---------- DATASET RECORDS ----------
Section AvoidingButterflies.
Variables (R : realType) (U L : finType) (E PL : {set U * L}) (eps bb wb : R).
Local Notation b := (nbutterflies E)%:R.
Local Notation r := ((eps * bb) `^ (1/4)).
Local Notation NL := [set e in E | ~~ light E bb wb eps e].

Lemma avoiding_sub_nonlight :
  (forall e, e \in E -> light E bb wb eps e -> e \in PL) ->
  avoiding E PL \subset [set B in butterflies E | bedges B \subset NL].
Proof.
move=> light_PL; apply/subsetP => B; rewrite /avoiding inE => /andP[Bb /eqP BPL].
rewrite inE Bb; apply/subsetP => e eB; have eE := subsetP (bedges_sub Bb) e eB.
rewrite inE eE; apply/negP => /(light_PL e eE) ePL.
have : e \in bedges B :&: PL by rewrite inE eB.
by rewrite BPL inE.
Qed.

Lemma card_nonlight_le : 0 < eps -> b / 2 <= bb -> (wedges E)%:R / 6 <= wb ->
  0 < b :> R -> #|NL|%:R <= 28 * r.
Proof.
move=> eps_gt0 bb_lb wb_lb b_gt0; have bb_gt0 : 0 < bb by lra.
have r_gt0 : 0 < r by rewrite powR_gt0 ?mulr_gt0.
have wb_gt0 : 0 < wb.
  have : 0 < (wedges E)%:R :> R by rewrite ltr0n wedges_gt0 // -(ltr0n R).
  lra.
set NL1 := [set e in E | bb / (2 * r) <= (bfly_edge E e)%:R].
set NL2 := [set e in E | wb / r <= (edeg E e)%:R].
have NL_sub : NL \subset NL1 :|: NL2.
  apply/subsetP => e; rewrite !inE /light light_thresholdE // negb_and -!leNgt.
  by case/andP=> -> /=.
have NL1_le : #|NL1|%:R <= 16 * r.
  have := @card_ge_mul_le_sum R _ E (fun e => (bfly_edge E e)%:R) (bb / (2 * r))
    (fun e _ => ler0n _ _).
  rewrite -natr_sum sum_bfly_edge natrM => NL1_bnd.
  rewrite -(ler_pM2r (divr_gt0 bb_gt0 (mulr_gt0 (ltr0Sn _ 1) r_gt0))).
  apply: le_trans NL1_bnd _; rewrite (_ : 16 * r * _ = 8 * bb); first lra.
  by field; rewrite lt0r_neq0.
have NL2_le : #|NL2|%:R <= 12 * r.
  have := @card_ge_mul_le_sum R _ E (fun e => (edeg E e)%:R) (wb / r) (fun e _ => ler0n _ _).
  rewrite -natr_sum sum_edeg natrM => NL2_bnd.
  rewrite -(ler_pM2r (divr_gt0 wb_gt0 r_gt0)); apply: le_trans NL2_bnd _.
  rewrite (_ : 12 * r * _ = 12 * wb); first lra.
  by field; rewrite lt0r_neq0.
apply: le_trans (_ : _ <= #|NL1|%:R + #|NL2|%:R) _; last by lra.
by rewrite -natrD ler_nat (leq_trans (subset_leq_card NL_sub)) ?cardsU ?leq_subr.
Qed.

(* 14406 = 6 * 28^4 / 256 *)
Lemma card_avoiding_le : 0 < eps -> b / 2 <= bb -> bb <= 2 * b ->
  (wedges E)%:R / 6 <= wb -> (forall e, e \in E -> light E bb wb eps e -> e \in PL) ->
  #|avoiding E PL|%:R <= 14406 * eps * b.
Proof.
move=> eps_gt0 bb_lb bb_ub wb_lb /avoiding_sub_nonlight avoid_sub.
have [-> | /card_gt0P[B BX]] := posnP #|avoiding E PL|.
  by rewrite !mulr_ge0 ?ler0n // ltW.
move: (subsetP avoid_sub B BX); rewrite inE => /andP[Bb BNL].
have b_gt0 : 0 < b :> R by rewrite ltr0n; apply/card_gt0P; exists B.
have bb_gt0 : 0 < bb by lra.
have X_le : 256 * #|avoiding E PL|%:R <= 3 * #|NL|%:R ^+ 4 :> R.
  rewrite -natrX -!natrM ler_nat.
  have N_ge4 : (4 <= #|NL|)%N by rewrite -(card_bedges Bb) subset_leq_card.
  apply: leq_trans (pairs_le_quartic N_ge4); rewrite (_ : 256 = 64 * 4)%N // -mulnA leq_mul2l /=.
  apply: leq_trans (card_butterflies_within E NL); rewrite leq_mul2l /=.
  exact: subset_leq_card avoid_sub.
have N4_le : #|NL|%:R ^+ 4 <= 28 ^+ 4 * (eps * bb) :> R.
  rewrite -(powR14_expn4 (mulr_ge0 (ltW eps_gt0) (ltW bb_gt0))) -exprMn.
  by rewrite lerXn2r ?nnegrE ?ler0n ?mulr_ge0 ?powR_ge0 // card_nonlight_le.
have : 28 ^+ 4 * (eps * bb) <= 28 ^+ 4 * (eps * (2 * b)) :> R.
  by rewrite ler_wpM2l ?exprn_ge0 // ler_wpM2l // ltW.
lra.
Qed.

Lemma sum_wtE_bounds (k : R) : 14406 <= k -> 0 < eps -> b / 2 <= bb -> bb <= 2 * b ->
  (wedges E)%:R / 6 <= wb -> (forall e, e \in E -> light E bb wb eps e -> e \in PL) ->
  PL \subset E -> b * (1 - k * eps) <= (\sum_(e in E) wtE E PL e : R) <= b.
Proof.
move=> k_ge eps_gt0 bb_lb bb_ub wb_lb light_PL PL_sub; rewrite sum_wtE //.
rewrite lerBlDr lerDl ler0n andbT mulrBr mulr1 lerD2l lerN2 mulrC.
apply: le_trans (card_avoiding_le eps_gt0 bb_lb bb_ub wb_lb light_PL) _.
by rewrite ler_wpM2r ?ler0n // ler_wpM2r // ltW.
Qed.

End AvoidingButterflies.

Lemma wtE_le_nonheavy (R : realType) (U L : finType) (E PL : {set U * L}) (eps bb wb : R) e :
  0 < eps -> 0 < bb -> ~~ heavy E bb wb eps e -> wtE E PL e <= 2 * bb / (eps * bb) `^ (1/4).
Proof.
move=> eps_gt0 bb_gt0; rewrite /heavy negb_or -leNgt heavy_thresholdE // => /andP[bfly_le _].
exact: le_trans (wtE_le_bfly_edge R E PL e) bfly_le.
Qed.

Lemma sample_size_gt0 (R : realType) (c m l eps bb : R) (s : nat) :
  0 < c -> 0 < m -> 0 < l -> 0 < eps -> 0 < bb ->
  c * m * l / ((eps * bb) `^ (1/4) * eps ^+ 2) <= s%:R -> (0 < s)%N.
Proof.
move=> c_gt0 m_gt0 l_gt0 eps_gt0 bb_gt0 s_ge; rewrite -(ltr0n R) (lt_le_trans _ s_ge) //.
by rewrite divr_gt0 ?mulr_gt0 ?powR_gt0 ?mulr_gt0 ?exprn_gt0.
Qed.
----------
** WORK INSTRUCTION **
Please reproduce all of the records exactly as they stand.

** RESULT FOR THIS TASK **
Section AvoidingButterflies.
Variables (R : realType) (U L : finType) (E PL : {set U * L}) (eps bb wb : R).
Local Notation b := (nbutterflies E)%:R.
Local Notation r := ((eps * bb) `^ (1/4)).
Local Notation NL := [set e in E | ~~ light E bb wb eps e].

Lemma avoiding_sub_nonlight :
  (forall e, e \in E -> light E bb wb eps e -> e \in PL) ->
  avoiding E PL \subset [set B in butterflies E | bedges B \subset NL].
Proof.
move=> light_PL; apply/subsetP => B; rewrite /avoiding inE => /andP[Bb /eqP BPL].
rewrite inE Bb; apply/subsetP => e eB; have eE := subsetP (bedges_sub Bb) e eB.
rewrite inE eE; apply/negP => /(light_PL e eE) ePL.
have : e \in bedges B :&: PL by rewrite inE eB.
by rewrite BPL inE.
Qed.

Lemma card_nonlight_le : 0 < eps -> b / 2 <= bb -> (wedges E)%:R / 6 <= wb ->
  0 < b :> R -> #|NL|%:R <= 28 * r.
Proof.
move=> eps_gt0 bb_lb wb_lb b_gt0; have bb_gt0 : 0 < bb by lra.
have r_gt0 : 0 < r by rewrite powR_gt0 ?mulr_gt0.
have wb_gt0 : 0 < wb.
  have : 0 < (wedges E)%:R :> R by rewrite ltr0n wedges_gt0 // -(ltr0n R).
  lra.
set NL1 := [set e in E | bb / (2 * r) <= (bfly_edge E e)%:R].
set NL2 := [set e in E | wb / r <= (edeg E e)%:R].
have NL_sub : NL \subset NL1 :|: NL2.
  apply/subsetP => e; rewrite !inE /light light_thresholdE // negb_and -!leNgt.
  by case/andP=> -> /=.
have NL1_le : #|NL1|%:R <= 16 * r.
  have := @card_ge_mul_le_sum R _ E (fun e => (bfly_edge E e)%:R) (bb / (2 * r))
    (fun e _ => ler0n _ _).
  rewrite -natr_sum sum_bfly_edge natrM => NL1_bnd.
  rewrite -(ler_pM2r (divr_gt0 bb_gt0 (mulr_gt0 (ltr0Sn _ 1) r_gt0))).
  apply: le_trans NL1_bnd _; rewrite (_ : 16 * r * _ = 8 * bb); first lra.
  by field; rewrite lt0r_neq0.
have NL2_le : #|NL2|%:R <= 12 * r.
  have := @card_ge_mul_le_sum R _ E (fun e => (edeg E e)%:R) (wb / r) (fun e _ => ler0n _ _).
  rewrite -natr_sum sum_edeg natrM => NL2_bnd.
  rewrite -(ler_pM2r (divr_gt0 wb_gt0 r_gt0)); apply: le_trans NL2_bnd _.
  rewrite (_ : 12 * r * _ = 12 * wb); first lra.
  by field; rewrite lt0r_neq0.
apply: le_trans (_ : _ <= #|NL1|%:R + #|NL2|%:R) _; last by lra.
by rewrite -natrD ler_nat (leq_trans (subset_leq_card NL_sub)) ?cardsU ?leq_subr.
Qed.

(* 14406 = 6 * 28^4 / 256 *)
Lemma card_avoiding_le : 0 < eps -> b / 2 <= bb -> bb <= 2 * b ->
  (wedges E)%:R / 6 <= wb -> (forall e, e \in E -> light E bb wb eps e -> e \in PL) ->
  #|avoiding E PL|%:R <= 14406 * eps * b.
Proof.
move=> eps_gt0 bb_lb bb_ub wb_lb /avoiding_sub_nonlight avoid_sub.
have [-> | /card_gt0P[B BX]] := posnP #|avoiding E PL|.
  by rewrite !mulr_ge0 ?ler0n // ltW.
move: (subsetP avoid_sub B BX); rewrite inE => /andP[Bb BNL].
have b_gt0 : 0 < b :> R by rewrite ltr0n; apply/card_gt0P; exists B.
have bb_gt0 : 0 < bb by lra.
have X_le : 256 * #|avoiding E PL|%:R <= 3 * #|NL|%:R ^+ 4 :> R.
  rewrite -natrX -!natrM ler_nat.
  have N_ge4 : (4 <= #|NL|)%N by rewrite -(card_bedges Bb) subset_leq_card.
  apply: leq_trans (pairs_le_quartic N_ge4); rewrite (_ : 256 = 64 * 4)%N // -mulnA leq_mul2l /=.
  apply: leq_trans (card_butterflies_within E NL); rewrite leq_mul2l /=.
  exact: subset_leq_card avoid_sub.
have N4_le : #|NL|%:R ^+ 4 <= 28 ^+ 4 * (eps * bb) :> R.
  rewrite -(powR14_expn4 (mulr_ge0 (ltW eps_gt0) (ltW bb_gt0))) -exprMn.
  by rewrite lerXn2r ?nnegrE ?ler0n ?mulr_ge0 ?powR_ge0 // card_nonlight_le.
have : 28 ^+ 4 * (eps * bb) <= 28 ^+ 4 * (eps * (2 * b)) :> R.
  by rewrite ler_wpM2l ?exprn_ge0 // ler_wpM2l // ltW.
lra.
Qed.

Lemma sum_wtE_bounds (k : R) : 14406 <= k -> 0 < eps -> b / 2 <= bb -> bb <= 2 * b ->
  (wedges E)%:R / 6 <= wb -> (forall e, e \in E -> light E bb wb eps e -> e \in PL) ->
  PL \subset E -> b * (1 - k * eps) <= (\sum_(e in E) wtE E PL e : R) <= b.
Proof.
move=> k_ge eps_gt0 bb_lb bb_ub wb_lb light_PL PL_sub; rewrite sum_wtE //.
rewrite lerBlDr lerDl ler0n andbT mulrBr mulr1 lerD2l lerN2 mulrC.
apply: le_trans (card_avoiding_le eps_gt0 bb_lb bb_ub wb_lb light_PL) _.
by rewrite ler_wpM2r ?ler0n // ler_wpM2r // ltW.
Qed.

End AvoidingButterflies.

Lemma wtE_le_nonheavy (R : realType) (U L : finType) (E PL : {set U * L}) (eps bb wb : R) e :
  0 < eps -> 0 < bb -> ~~ heavy E bb wb eps e -> wtE E PL e <= 2 * bb / (eps * bb) `^ (1/4).
Proof.
move=> eps_gt0 bb_gt0; rewrite /heavy negb_or -leNgt heavy_thresholdE // => /andP[bfly_le _].
exact: le_trans (wtE_le_bfly_edge R E PL e) bfly_le.
Qed.

Lemma sample_size_gt0 (R : realType) (c m l eps bb : R) (s : nat) :
  0 < c -> 0 < m -> 0 < l -> 0 < eps -> 0 < bb ->
  c * m * l / ((eps * bb) `^ (1/4) * eps ^+ 2) <= s%:R -> (0 < s)%N.
Proof.
move=> c_gt0 m_gt0 l_gt0 eps_gt0 bb_gt0 s_ge; rewrite -(ltr0n R) (lt_le_trans _ s_ge) //.
by rewrite divr_gt0 ?mulr_gt0 ?powR_gt0 ?mulr_gt0 ?exprn_gt0.
Qed.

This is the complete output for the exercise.